Find every line below with the string "exists" and pick it out.

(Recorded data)
***
(* The minimizing length balances [(k PI / (sqrt A a))^2 = al a / sqrt A]. *)
Lemma Lam_fun_balanced (k : nat) : (1 <= k)%nat -> al <= PI ^ 2 / sqrt A * INR k ^ 2 ->
  exists a, 1 <= a /\ Lam_fun A al k a <= 3 * asym_rate A al * rpow (INR k) (2/3).
Proof.
  intros Hk Hcond. pose proof (sqrt_A_pos A HA) as Hs. pose proof PI_RGT_0.
  assert (Hss : sqrt A * sqrt A = A) by (apply sqrt_sqrt; lra).
  assert (Hk1 : 1 <= INR k) by (apply le_INR in Hk; exact Hk).
  set (X := INR k ^ 2 * PI ^ 2 / (sqrt A * al)).
  assert (HX : 1 <= X).
  { unfold X. apply Rle_div_r; [nra |].
    apply (Rmult_le_compat_l (sqrt A)) in Hcond; [| lra].
    replace (sqrt A * (PI ^ 2 / sqrt A * INR k ^ 2)) with (INR k ^ 2 * PI ^ 2) in Hcond
      by (field; lra). lra. }
  set (a := Rpower X (1/3)).
  assert (Ha3 : a ^ 3 = X) by (apply Rpower_one_third_cube; lra).
  assert (Ha : 0 < a) by apply Rpower_pos.
  assert (Ha1 : 1 <= a) by (apply pow3_le_inv; lra).
  exists a. split; [exact Ha1 |].
  rewrite Lam_fun_freq by (assumption || lra).
  eapply Rle_trans; [apply Lam_freq_le; assumption |].
  assert (Hbal : (INR k * PI / (sqrt A * a)) ^ 2 = al * a / sqrt A).
  { apply (Rmult_eq_reg_r (a ^ 2)); [| nra].
    replace (al * a / sqrt A * a ^ 2) with (al * a ^ 3 / sqrt A) by (field; lra).
    rewrite Ha3. unfold X. field. lra. }
  assert (Hval : al * a / sqrt A = asym_rate A al * rpow (INR k) (2 / 3)).
  { destruct (rpow_two_thirds_INR k Hk) as [Ht [Ht3 _]].
    pose proof asym_rate_pos.
    apply pow3_inj;
      [left; apply Rdiv_lt_0_compat; nra | left; apply Rmult_lt_0_compat; assumption |].
    rewrite Rpow_mult_distr, asym_rate_cube, Ht3.
    replace ((al * a / sqrt A) ^ 3) with (al ^ 3 * a ^ 3 / (sqrt A * sqrt A * sqrt A))
      by (field; lra).
    rewrite Ha3. unfold X. set (s := sqrt A) in *. rewrite <- Hss. field. lra. }
  rewrite Hbal, (Rmult_assoc 3), <- Hval. right. field. lra.
Qed.

Lemma LambdaK1_upper_bound (k : nat) : (1 <= k)%nat -> al <= PI ^ 2 / sqrt A * INR k ^ 2 ->
  Rbar_le (LambdaK1 A al k) (3 * asym_rate A al * rpow (INR k) (2/3)).
Proof.
  intros Hk Hcond. destruct (Lam_fun_balanced k Hk Hcond) as [a [Ha Hle]].
  eapply Rbar_le_trans; [apply (LambdaK1_le A al k a Ha) | exact Hle].
Qed.

Lemma balance_condition_eventually :
  exists K, (2 <= K)%nat /\ forall k, (K <= k)%nat -> al <= PI ^ 2 / sqrt A * INR k ^ 2.
Proof.
  pose proof (sqrt_A_pos A HA) as Hs. pose proof PI_RGT_0.
  assert (HP2 : 0 < PI ^ 2) by (apply pow_lt; lra).
  destruct (INR_archimed 1 (al * sqrt A / PI ^ 2) ltac:(lra)) as [N HN].
  exists (Nat.max 2 N). split; [lia |]. intros k Hk.
  assert (HkN : INR N <= INR k) by (apply le_INR; lia).
  assert (Hk1 : 1 <= INR k) by (apply (le_INR 1); lia).
  assert (al * sqrt A / PI ^ 2 < INR k ^ 2) by nra.
  apply (Rmult_le_reg_l (sqrt A / PI ^ 2)); [apply Rdiv_lt_0_compat; assumption |].
  replace (sqrt A / PI ^ 2 * (PI ^ 2 / sqrt A * INR k ^ 2)) with (INR k ^ 2) by (field; lra).
  replace (sqrt A / PI ^ 2 * al) with (al * sqrt A / PI ^ 2) by (field; lra). lra.
Qed.

Lemma LambdaK1_minimizer (k : nat) : (1 <= k)%nat -> al <= PI ^ 2 / sqrt A * INR k ^ 2 ->
  exists a, 1 <= a /\ LambdaK1 A al k = Lam_fun A al k a /\
    Lam_fun A al k a <= 3 * asym_rate A al * rpow (INR k) (2/3).
Proof.
  intros Hk Hcond.
  destruct (Lam_fun_attains_min A al HA Hal k Hk) as [a0 [Ha0 Hmin]].
  destruct (Lam_fun_balanced k Hk Hcond) as [a1 [Ha1 Hup]].
  exists a0. split; [exact Ha0 | split; [apply LambdaK1_eq_min; assumption |]].
  pose proof (Hmin a1 Ha1). lra.
Qed.

(* Near-optimal lengths: the first eigenvalue forces [a = O(k^(2/3))], the
   [k]-th one forces [a^2 >= (k-1)^2 PI^2 / (3 A asym_rate k^(2/3))]. *)
Lemma near_minimizer_bounds (k : nat) (a : R) : (2 <= k)%nat -> 1 <= a ->
  Lam_fun A al k a <= 3 * asym_rate A al * rpow (INR k) (2/3) ->
  minimizer_lo A al * rpow (INR k) (2/3) <= a /\ a <= minimizer_hi A al * rpow (INR k) (2/3).
Proof.
  intros Hk Ha Hle. pose proof (sqrt_A_pos A HA) as Hs. pose proof PI_RGT_0.
  assert (HP2 : 0 < PI ^ 2) by (apply pow_lt; lra).
  destruct (rpow_two_thirds_INR k ltac:(lia)) as [Ht [Ht3 _]].
  set (t := rpow (INR k) (2/3)) in *.
  pose proof asym_rate_pos as HR. set (R := asym_rate A al) in *.
  assert (Hk2 : 2 <= INR k) by (apply le_INR in Hk; exact Hk).
  assert (Hrate : 0 < ev1_rate A al (sqrt A)) by (apply ev1_rate_pos; lra).
  rewrite Lam_fun_freq in Hle by (lia || lra).
  pose proof (ev1_rate_mul_le A al HA Hal k a ltac:(lia) Ha) as Hlin.
  assert (Hsa : sqrt A / a <= sqrt A).
  { apply Rle_div_l; [lra |]. rewrite <- (Rmult_1_r (sqrt A)) at 1. apply Rmult_le_compat_l; lra. }
  pose proof (Lam_freq_ge A al HA Hal k a (sqrt A) ltac:(lia) ltac:(lra) Hsa) as Hge.
  split.
  - unfold minimizer_lo. fold R. set (c := sqrt (PI ^ 2 / (12 * A * R))).
    assert (Hc2 : c * c = PI ^ 2 / (12 * A * R))
      by (apply sqrt_sqrt; left; apply Rdiv_lt_0_compat; nra).
    assert (Hc : 0 <= c) by apply sqrt_pos.
    destruct (Rle_lt_dec (c * t) a) as [Hca | Hac]; [exact Hca | exfalso].
    assert (Hsq : a ^ 2 < (c * t) ^ 2) by (apply Rsqr_incrst_1 in Hac; unfold Rsqr in Hac; nra).
    assert (Hkk : (INR k - 1) ^ 2 * PI ^ 2 / A / a ^ 2 <= 3 * R * t) by nra.
    apply (Rmult_le_compat_r (A * a ^ 2)) in Hkk; [| nra].
    replace ((INR k - 1) ^ 2 * PI ^ 2 / A / a ^ 2 * (A * a ^ 2)) with ((INR k - 1) ^ 2 * PI ^ 2)
      in Hkk by (field; lra).
    assert (Hmax : 3 * R * t * (A * a ^ 2) < PI ^ 2 * INR k ^ 2 / 4).
    { replace (PI ^ 2 * INR k ^ 2 / 4) with (3 * R * A * (c * c) * t ^ 3)
        by (rewrite Hc2, Ht3; field; lra).
      replace (3 * R * A * (c * c) * t ^ 3) with (3 * R * t * (A * (c * t) ^ 2)) by ring.
      apply Rmult_lt_compat_l; [nra |]. apply Rmult_lt_compat_l; assumption. }
    assert ((INR k / 2) ^ 2 <= (INR k - 1) ^ 2) by (apply pow_incr; lra).
    nra.
  - unfold minimizer_hi. fold R. apply (Rmult_le_reg_l (ev1_rate A al (sqrt A))); [exact Hrate |].
    replace (ev1_rate A al (sqrt A) * (3 * R / ev1_rate A al (sqrt A) * t)) with (3 * R * t)
      by (field; lra).
    lra.
Qed.

End Asymptotics.

(* The AM-GM lower bound of [Lam_fun] at a length [a >= minimizer_lo * k^(2/3)],
   divided by [k^(2/3)]. *)
Definition rate_lower_seq (A al : R) (k : nat) : R :=
  3 * Rpower ((1 - / INR k) ^ 2 * (PI ^ 2 / (4 * A))
              * ev1_rate A al (sqrt A / (minimizer_lo A al * rpow (INR k) (2/3))) ^ 2) (1/3).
***
EXERCISE OUTPUT
  exists a, 1 <= a /\ Lam_fun A al k a <= 3 * asym_rate A al * rpow (INR k) (2/3).
  exists a. split; [exact Ha1 |].
  exists K, (2 <= K)%nat /\ forall k, (K <= k)%nat -> al <= PI ^ 2 / sqrt A * INR k ^ 2.
  exists (Nat.max 2 N). split; [lia |]. intros k Hk.
  exists a, 1 <= a /\ LambdaK1 A al k = Lam_fun A al k a /\
  exists a0. split; [exact Ha0 | split; [apply LambdaK1_eq_min; assumption |]].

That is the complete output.